▶ Information supplied:
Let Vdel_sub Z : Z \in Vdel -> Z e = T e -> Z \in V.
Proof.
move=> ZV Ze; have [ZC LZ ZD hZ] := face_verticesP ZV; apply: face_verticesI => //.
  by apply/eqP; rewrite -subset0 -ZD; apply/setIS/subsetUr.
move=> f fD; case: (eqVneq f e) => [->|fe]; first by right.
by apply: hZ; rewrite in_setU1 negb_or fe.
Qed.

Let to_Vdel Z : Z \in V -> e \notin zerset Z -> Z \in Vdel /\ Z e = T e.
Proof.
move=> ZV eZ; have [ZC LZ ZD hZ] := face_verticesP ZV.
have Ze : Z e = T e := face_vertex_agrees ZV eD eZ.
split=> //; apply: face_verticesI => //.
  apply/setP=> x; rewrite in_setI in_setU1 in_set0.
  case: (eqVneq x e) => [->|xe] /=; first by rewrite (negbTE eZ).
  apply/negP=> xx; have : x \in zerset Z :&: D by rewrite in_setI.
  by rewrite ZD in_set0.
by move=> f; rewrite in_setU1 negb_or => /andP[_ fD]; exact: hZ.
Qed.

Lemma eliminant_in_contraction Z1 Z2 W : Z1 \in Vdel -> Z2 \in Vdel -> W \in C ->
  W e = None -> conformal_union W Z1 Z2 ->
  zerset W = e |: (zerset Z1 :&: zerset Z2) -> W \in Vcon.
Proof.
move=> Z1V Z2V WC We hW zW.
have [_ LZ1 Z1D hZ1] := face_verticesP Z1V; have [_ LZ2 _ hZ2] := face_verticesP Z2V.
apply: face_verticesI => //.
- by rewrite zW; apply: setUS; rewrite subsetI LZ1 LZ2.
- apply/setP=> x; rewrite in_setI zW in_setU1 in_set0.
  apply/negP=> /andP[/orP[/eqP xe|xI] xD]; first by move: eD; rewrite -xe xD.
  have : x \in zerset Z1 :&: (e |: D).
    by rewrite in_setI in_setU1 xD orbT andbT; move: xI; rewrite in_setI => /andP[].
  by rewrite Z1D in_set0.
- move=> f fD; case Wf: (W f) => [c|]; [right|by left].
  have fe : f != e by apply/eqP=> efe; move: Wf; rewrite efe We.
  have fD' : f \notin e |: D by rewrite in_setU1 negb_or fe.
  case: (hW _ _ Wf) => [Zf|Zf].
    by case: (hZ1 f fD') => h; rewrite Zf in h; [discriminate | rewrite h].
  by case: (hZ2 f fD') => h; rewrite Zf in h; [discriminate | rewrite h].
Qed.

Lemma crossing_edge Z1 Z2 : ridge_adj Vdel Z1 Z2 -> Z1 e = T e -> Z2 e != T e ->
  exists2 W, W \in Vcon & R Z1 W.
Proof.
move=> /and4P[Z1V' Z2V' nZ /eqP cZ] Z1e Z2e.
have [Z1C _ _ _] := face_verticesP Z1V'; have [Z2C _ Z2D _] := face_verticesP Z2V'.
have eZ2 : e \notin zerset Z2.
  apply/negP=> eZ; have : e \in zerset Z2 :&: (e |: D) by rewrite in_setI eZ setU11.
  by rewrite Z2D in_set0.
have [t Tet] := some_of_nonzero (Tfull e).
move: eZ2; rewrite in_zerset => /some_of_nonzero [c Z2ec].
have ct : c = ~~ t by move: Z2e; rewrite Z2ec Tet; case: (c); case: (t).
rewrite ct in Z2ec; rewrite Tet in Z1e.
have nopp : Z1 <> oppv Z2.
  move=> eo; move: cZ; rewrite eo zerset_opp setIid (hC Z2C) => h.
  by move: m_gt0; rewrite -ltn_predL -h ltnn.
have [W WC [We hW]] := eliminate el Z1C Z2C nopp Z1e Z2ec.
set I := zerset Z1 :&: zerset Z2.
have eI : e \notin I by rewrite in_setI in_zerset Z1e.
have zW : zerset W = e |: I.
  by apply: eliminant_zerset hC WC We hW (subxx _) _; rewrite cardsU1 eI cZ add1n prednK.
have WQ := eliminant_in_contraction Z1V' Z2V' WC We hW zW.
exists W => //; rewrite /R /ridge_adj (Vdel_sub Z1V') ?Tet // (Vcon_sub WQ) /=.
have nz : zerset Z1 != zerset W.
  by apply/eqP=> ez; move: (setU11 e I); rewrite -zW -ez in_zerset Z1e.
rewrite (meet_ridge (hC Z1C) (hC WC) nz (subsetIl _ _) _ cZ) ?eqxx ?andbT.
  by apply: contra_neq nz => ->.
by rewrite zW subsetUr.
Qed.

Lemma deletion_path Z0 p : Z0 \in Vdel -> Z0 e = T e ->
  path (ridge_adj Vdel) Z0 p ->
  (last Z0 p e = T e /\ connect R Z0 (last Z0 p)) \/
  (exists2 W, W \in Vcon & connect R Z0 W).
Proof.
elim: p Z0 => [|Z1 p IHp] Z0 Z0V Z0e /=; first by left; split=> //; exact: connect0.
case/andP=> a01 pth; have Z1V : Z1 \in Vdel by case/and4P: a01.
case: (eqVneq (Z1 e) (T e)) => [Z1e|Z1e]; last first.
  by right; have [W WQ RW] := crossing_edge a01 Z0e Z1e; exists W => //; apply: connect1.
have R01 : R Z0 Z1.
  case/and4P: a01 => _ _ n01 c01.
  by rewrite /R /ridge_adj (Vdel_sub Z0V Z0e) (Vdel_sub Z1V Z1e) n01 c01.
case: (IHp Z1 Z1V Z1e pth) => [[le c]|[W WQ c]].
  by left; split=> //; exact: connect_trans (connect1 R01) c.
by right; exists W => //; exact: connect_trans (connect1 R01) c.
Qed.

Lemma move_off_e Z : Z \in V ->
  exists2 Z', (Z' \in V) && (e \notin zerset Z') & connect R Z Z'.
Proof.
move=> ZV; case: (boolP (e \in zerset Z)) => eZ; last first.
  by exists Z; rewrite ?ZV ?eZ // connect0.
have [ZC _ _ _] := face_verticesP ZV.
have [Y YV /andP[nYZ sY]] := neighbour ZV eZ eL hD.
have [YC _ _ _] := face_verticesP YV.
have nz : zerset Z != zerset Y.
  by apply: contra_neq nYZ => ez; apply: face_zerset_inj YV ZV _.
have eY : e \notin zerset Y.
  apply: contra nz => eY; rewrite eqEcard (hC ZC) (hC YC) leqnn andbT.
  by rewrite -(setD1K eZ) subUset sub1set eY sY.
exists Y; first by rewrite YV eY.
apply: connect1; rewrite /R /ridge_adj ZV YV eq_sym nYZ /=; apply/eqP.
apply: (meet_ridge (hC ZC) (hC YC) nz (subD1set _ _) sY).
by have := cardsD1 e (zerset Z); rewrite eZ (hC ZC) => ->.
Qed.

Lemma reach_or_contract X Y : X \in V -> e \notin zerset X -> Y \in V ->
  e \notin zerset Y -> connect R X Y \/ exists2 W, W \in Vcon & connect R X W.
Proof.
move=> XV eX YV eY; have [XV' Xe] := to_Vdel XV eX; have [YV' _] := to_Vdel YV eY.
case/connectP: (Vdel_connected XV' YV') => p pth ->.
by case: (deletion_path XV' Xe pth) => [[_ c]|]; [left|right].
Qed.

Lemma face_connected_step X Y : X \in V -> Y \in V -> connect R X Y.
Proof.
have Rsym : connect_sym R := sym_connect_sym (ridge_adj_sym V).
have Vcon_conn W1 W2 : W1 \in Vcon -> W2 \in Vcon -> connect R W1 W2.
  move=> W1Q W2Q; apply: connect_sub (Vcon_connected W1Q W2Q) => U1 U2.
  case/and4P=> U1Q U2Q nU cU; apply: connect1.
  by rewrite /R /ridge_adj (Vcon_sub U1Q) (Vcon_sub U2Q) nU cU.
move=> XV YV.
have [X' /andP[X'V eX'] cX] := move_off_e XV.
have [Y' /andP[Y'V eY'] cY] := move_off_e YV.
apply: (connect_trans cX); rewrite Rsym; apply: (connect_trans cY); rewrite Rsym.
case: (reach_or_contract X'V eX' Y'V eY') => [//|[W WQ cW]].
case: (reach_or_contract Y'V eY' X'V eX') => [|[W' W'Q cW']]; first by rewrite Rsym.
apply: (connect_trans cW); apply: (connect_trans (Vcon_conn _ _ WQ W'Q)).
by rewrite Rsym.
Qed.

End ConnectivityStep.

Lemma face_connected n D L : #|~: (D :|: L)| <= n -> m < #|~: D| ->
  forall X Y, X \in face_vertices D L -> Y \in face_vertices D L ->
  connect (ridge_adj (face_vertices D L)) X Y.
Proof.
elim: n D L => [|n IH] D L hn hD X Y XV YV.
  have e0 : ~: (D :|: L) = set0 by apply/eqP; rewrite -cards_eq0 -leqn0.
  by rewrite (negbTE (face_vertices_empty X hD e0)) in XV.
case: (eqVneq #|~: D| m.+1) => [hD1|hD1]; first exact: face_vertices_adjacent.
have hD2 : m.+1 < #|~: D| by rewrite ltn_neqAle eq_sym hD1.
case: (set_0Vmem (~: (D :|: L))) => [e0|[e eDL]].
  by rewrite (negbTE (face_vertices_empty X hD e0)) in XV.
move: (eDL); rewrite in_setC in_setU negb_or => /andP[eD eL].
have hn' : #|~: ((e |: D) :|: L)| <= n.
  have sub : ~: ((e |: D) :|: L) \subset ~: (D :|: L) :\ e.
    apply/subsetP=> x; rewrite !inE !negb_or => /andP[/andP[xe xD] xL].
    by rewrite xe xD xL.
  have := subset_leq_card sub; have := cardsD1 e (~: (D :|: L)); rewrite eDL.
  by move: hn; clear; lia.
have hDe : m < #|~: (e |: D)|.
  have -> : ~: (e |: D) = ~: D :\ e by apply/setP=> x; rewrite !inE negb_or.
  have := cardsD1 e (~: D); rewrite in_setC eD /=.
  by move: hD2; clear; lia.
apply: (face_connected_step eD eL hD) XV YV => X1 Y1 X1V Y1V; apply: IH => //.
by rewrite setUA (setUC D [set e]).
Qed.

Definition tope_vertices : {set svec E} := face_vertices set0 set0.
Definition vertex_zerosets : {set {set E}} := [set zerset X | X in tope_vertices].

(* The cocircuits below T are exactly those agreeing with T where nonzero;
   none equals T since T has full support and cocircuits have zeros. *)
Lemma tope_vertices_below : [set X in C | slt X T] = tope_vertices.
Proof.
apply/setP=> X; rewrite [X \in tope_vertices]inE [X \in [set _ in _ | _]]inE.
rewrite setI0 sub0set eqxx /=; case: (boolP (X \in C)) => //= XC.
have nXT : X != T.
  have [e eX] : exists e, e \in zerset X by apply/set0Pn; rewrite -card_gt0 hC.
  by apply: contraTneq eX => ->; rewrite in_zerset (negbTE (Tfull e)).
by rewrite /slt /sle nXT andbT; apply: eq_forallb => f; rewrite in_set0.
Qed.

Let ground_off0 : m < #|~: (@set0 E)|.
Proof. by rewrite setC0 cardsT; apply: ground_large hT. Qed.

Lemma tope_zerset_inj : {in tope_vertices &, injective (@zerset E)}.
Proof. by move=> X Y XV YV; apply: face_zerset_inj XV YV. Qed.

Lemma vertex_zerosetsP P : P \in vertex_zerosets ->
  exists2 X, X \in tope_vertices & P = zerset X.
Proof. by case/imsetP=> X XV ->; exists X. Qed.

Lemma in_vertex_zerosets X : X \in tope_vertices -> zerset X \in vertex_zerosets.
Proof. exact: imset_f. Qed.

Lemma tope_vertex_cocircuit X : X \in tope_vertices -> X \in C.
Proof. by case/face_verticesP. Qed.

▶ Task brief: Looking back over the data above, restate word for word the lines that begin at the line with "move=> XV eX" and end at the line with "Lemma face_connected n", inclusive.

▶ Solution to the problem:
move=> XV eX YV eY; have [XV' Xe] := to_Vdel XV eX; have [YV' _] := to_Vdel YV eY.
case/connectP: (Vdel_connected XV' YV') => p pth ->.
by case: (deletion_path XV' Xe pth) => [[_ c]|]; [left|right].
Qed.

Lemma face_connected_step X Y : X \in V -> Y \in V -> connect R X Y.
Proof.
have Rsym : connect_sym R := sym_connect_sym (ridge_adj_sym V).
have Vcon_conn W1 W2 : W1 \in Vcon -> W2 \in Vcon -> connect R W1 W2.
  move=> W1Q W2Q; apply: connect_sub (Vcon_connected W1Q W2Q) => U1 U2.
  case/and4P=> U1Q U2Q nU cU; apply: connect1.
  by rewrite /R /ridge_adj (Vcon_sub U1Q) (Vcon_sub U2Q) nU cU.
move=> XV YV.
have [X' /andP[X'V eX'] cX] := move_off_e XV.
have [Y' /andP[Y'V eY'] cY] := move_off_e YV.
apply: (connect_trans cX); rewrite Rsym; apply: (connect_trans cY); rewrite Rsym.
case: (reach_or_contract X'V eX' Y'V eY') => [//|[W WQ cW]].
case: (reach_or_contract Y'V eY' X'V eX') => [|[W' W'Q cW']]; first by rewrite Rsym.
apply: (connect_trans cW); apply: (connect_trans (Vcon_conn _ _ WQ W'Q)).
by rewrite Rsym.
Qed.

End ConnectivityStep.

Lemma face_connected n D L : #|~: (D :|: L)| <= n -> m < #|~: D| ->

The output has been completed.